(Beginning of Given data)

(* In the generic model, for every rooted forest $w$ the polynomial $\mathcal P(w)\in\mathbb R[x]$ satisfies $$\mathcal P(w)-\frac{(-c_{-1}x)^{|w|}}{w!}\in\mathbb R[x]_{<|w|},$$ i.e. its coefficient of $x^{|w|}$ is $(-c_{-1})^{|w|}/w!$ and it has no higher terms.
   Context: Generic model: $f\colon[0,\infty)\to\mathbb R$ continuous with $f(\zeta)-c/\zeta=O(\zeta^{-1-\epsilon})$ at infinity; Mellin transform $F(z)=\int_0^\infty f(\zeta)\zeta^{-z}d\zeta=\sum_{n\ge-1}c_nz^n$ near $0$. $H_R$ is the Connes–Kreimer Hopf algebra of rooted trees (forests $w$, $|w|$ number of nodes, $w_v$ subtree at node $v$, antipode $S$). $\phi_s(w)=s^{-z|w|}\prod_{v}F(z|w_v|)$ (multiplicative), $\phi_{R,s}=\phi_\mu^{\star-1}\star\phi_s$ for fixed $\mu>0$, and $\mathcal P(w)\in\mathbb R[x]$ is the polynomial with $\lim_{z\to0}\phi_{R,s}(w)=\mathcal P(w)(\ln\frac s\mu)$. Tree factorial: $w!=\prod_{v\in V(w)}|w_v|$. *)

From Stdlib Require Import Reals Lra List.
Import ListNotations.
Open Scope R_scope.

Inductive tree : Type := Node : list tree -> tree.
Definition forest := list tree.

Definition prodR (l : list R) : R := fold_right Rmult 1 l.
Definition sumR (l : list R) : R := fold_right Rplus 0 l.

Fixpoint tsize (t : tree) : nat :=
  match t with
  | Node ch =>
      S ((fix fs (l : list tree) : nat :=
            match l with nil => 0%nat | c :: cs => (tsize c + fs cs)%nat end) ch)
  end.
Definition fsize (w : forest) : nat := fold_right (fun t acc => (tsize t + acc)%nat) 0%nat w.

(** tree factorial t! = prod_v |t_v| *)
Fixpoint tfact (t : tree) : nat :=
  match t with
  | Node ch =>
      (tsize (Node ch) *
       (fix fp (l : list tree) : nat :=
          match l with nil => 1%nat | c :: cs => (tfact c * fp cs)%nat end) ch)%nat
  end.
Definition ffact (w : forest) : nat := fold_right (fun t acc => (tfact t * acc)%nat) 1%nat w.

(End of Given data)

> _Instructions to follow_
Lines with the word "Import": report how many there are in the entries, as a bare number.

> _Exercise answer_
2